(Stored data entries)

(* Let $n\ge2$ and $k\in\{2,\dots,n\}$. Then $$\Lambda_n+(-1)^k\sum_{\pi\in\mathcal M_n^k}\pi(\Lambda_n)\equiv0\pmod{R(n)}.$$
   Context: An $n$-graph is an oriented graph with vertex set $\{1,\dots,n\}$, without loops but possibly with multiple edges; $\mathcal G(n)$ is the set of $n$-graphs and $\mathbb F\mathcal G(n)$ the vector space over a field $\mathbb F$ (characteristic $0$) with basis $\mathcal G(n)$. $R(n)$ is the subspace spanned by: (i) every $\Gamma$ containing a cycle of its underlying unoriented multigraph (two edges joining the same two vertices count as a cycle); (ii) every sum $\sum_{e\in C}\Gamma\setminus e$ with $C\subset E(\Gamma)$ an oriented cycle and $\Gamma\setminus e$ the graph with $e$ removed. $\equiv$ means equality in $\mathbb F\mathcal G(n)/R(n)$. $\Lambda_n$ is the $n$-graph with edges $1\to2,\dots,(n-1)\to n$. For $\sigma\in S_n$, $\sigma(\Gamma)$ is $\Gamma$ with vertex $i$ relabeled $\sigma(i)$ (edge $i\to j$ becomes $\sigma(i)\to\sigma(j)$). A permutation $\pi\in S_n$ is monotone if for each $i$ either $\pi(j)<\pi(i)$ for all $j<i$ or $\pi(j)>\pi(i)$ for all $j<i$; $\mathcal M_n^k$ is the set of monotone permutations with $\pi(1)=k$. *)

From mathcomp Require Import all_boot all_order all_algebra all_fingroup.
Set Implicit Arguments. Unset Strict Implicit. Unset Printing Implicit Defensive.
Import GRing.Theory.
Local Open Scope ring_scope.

* * *

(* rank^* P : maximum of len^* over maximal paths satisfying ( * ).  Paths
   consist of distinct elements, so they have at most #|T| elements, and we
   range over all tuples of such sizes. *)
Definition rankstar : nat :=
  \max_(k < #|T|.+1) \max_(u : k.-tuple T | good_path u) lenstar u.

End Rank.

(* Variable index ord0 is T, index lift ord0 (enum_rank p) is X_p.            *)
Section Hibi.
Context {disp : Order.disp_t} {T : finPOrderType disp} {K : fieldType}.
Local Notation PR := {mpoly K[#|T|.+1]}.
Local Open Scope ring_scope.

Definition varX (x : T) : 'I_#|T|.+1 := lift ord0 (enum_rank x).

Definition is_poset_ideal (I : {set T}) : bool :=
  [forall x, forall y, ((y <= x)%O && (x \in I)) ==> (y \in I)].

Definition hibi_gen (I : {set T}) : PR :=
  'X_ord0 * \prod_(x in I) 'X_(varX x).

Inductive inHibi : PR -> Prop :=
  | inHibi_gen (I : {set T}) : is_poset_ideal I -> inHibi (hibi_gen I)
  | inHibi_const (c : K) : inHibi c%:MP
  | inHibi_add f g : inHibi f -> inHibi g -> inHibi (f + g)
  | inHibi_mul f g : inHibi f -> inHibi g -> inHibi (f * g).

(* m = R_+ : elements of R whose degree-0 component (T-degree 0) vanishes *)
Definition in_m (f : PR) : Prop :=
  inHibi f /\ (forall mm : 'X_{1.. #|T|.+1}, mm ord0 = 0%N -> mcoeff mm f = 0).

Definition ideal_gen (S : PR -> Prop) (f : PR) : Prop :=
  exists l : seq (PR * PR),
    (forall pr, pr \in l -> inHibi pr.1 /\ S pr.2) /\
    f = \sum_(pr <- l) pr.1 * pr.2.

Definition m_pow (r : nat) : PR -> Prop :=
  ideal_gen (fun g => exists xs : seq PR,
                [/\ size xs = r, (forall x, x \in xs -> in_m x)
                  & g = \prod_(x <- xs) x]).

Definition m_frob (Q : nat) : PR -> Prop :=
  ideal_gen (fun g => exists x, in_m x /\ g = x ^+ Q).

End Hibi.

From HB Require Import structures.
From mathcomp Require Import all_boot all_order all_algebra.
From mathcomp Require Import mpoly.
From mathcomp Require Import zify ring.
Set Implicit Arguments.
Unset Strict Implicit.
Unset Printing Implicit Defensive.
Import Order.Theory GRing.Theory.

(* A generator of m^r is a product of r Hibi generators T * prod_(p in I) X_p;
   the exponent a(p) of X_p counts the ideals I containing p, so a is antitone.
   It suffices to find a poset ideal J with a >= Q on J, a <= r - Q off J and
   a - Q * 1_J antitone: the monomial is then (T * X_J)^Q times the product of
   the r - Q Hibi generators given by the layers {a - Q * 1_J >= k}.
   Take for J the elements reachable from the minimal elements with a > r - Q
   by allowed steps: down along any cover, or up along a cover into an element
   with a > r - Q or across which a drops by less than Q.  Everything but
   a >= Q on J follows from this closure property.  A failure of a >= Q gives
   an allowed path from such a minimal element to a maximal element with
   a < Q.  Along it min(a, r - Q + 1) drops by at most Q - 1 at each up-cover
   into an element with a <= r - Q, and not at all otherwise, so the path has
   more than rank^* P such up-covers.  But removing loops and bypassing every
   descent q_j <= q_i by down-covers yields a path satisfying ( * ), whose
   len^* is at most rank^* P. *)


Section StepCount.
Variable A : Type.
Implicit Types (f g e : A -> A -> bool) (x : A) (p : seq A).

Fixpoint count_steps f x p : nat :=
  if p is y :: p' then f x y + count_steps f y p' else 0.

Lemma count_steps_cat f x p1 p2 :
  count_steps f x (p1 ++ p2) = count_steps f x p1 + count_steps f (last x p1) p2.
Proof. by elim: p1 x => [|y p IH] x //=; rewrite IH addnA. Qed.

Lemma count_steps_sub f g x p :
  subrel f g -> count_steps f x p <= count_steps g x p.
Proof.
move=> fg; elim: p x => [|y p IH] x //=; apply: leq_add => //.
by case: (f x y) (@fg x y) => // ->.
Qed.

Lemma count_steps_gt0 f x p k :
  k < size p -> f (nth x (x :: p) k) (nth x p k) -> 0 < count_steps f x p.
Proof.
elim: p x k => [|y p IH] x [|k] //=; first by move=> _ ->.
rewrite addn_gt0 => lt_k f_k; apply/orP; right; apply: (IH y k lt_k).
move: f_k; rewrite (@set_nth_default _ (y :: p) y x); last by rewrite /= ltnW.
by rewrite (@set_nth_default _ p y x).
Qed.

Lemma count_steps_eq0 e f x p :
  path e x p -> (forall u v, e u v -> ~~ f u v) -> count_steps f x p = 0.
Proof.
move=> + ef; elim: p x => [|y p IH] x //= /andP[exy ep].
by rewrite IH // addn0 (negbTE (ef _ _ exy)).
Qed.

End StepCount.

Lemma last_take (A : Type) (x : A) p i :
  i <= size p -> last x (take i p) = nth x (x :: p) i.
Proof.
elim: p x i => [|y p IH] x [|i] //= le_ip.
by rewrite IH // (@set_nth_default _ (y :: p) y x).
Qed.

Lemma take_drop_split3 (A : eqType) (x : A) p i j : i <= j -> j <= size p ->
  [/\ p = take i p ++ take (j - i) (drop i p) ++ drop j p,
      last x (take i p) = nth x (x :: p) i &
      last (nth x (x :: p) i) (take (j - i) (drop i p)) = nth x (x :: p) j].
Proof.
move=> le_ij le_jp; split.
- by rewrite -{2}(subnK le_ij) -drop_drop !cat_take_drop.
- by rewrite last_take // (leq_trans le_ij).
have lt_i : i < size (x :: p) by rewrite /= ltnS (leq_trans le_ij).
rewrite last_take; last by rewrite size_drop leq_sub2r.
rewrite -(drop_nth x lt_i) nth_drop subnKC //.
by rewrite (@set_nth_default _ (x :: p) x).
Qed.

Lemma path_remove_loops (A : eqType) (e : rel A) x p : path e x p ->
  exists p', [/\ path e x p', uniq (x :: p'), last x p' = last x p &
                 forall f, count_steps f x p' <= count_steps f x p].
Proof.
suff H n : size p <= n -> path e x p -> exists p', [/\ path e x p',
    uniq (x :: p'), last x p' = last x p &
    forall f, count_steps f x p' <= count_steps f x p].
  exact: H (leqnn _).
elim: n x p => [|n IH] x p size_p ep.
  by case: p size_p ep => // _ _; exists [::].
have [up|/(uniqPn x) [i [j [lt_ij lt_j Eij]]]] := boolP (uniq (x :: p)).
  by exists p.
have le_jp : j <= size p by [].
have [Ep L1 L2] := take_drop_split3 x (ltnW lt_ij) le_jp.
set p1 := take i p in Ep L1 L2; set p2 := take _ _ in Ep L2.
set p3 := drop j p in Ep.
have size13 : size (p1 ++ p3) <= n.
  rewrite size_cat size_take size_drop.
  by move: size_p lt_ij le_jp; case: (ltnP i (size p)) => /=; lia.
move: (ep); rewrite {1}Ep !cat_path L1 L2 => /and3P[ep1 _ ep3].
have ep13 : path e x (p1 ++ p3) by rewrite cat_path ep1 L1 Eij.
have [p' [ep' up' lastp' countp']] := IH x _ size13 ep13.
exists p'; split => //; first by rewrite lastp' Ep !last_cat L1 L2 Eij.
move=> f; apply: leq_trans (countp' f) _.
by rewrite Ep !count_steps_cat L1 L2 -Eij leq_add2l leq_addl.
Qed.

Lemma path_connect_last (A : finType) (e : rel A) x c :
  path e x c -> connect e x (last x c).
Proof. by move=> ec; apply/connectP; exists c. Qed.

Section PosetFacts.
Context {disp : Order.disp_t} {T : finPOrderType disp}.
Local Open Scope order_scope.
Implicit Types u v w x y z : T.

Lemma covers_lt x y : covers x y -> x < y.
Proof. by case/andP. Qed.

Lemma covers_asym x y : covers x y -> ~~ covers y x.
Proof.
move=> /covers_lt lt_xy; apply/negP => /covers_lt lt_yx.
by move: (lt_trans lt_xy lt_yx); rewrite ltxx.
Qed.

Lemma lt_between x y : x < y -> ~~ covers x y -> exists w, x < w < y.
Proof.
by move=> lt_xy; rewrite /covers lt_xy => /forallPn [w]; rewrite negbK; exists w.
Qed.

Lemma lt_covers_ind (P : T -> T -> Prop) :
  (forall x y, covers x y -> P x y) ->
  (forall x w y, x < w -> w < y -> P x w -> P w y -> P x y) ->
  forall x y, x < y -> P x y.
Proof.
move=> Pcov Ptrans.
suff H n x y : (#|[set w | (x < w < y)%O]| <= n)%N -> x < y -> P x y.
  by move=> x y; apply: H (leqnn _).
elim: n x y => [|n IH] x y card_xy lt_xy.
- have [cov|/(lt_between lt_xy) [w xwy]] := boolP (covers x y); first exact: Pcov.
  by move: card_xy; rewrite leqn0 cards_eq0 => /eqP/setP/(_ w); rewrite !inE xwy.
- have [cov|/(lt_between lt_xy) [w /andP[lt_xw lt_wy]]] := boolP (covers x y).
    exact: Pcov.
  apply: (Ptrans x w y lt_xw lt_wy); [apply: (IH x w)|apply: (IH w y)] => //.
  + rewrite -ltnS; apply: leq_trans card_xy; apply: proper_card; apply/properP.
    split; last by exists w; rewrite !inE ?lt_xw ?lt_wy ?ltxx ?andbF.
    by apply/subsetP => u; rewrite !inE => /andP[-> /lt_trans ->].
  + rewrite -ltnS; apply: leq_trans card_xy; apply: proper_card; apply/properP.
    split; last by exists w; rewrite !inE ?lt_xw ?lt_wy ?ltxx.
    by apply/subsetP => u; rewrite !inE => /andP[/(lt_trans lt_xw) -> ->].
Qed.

Task item: Your task is to copy each line of the data above that holds "into".

Exercise result:
   by allowed steps: down along any cover, or up along a cover into an element
   into an element with a <= r - Q, and not at all otherwise, so the path has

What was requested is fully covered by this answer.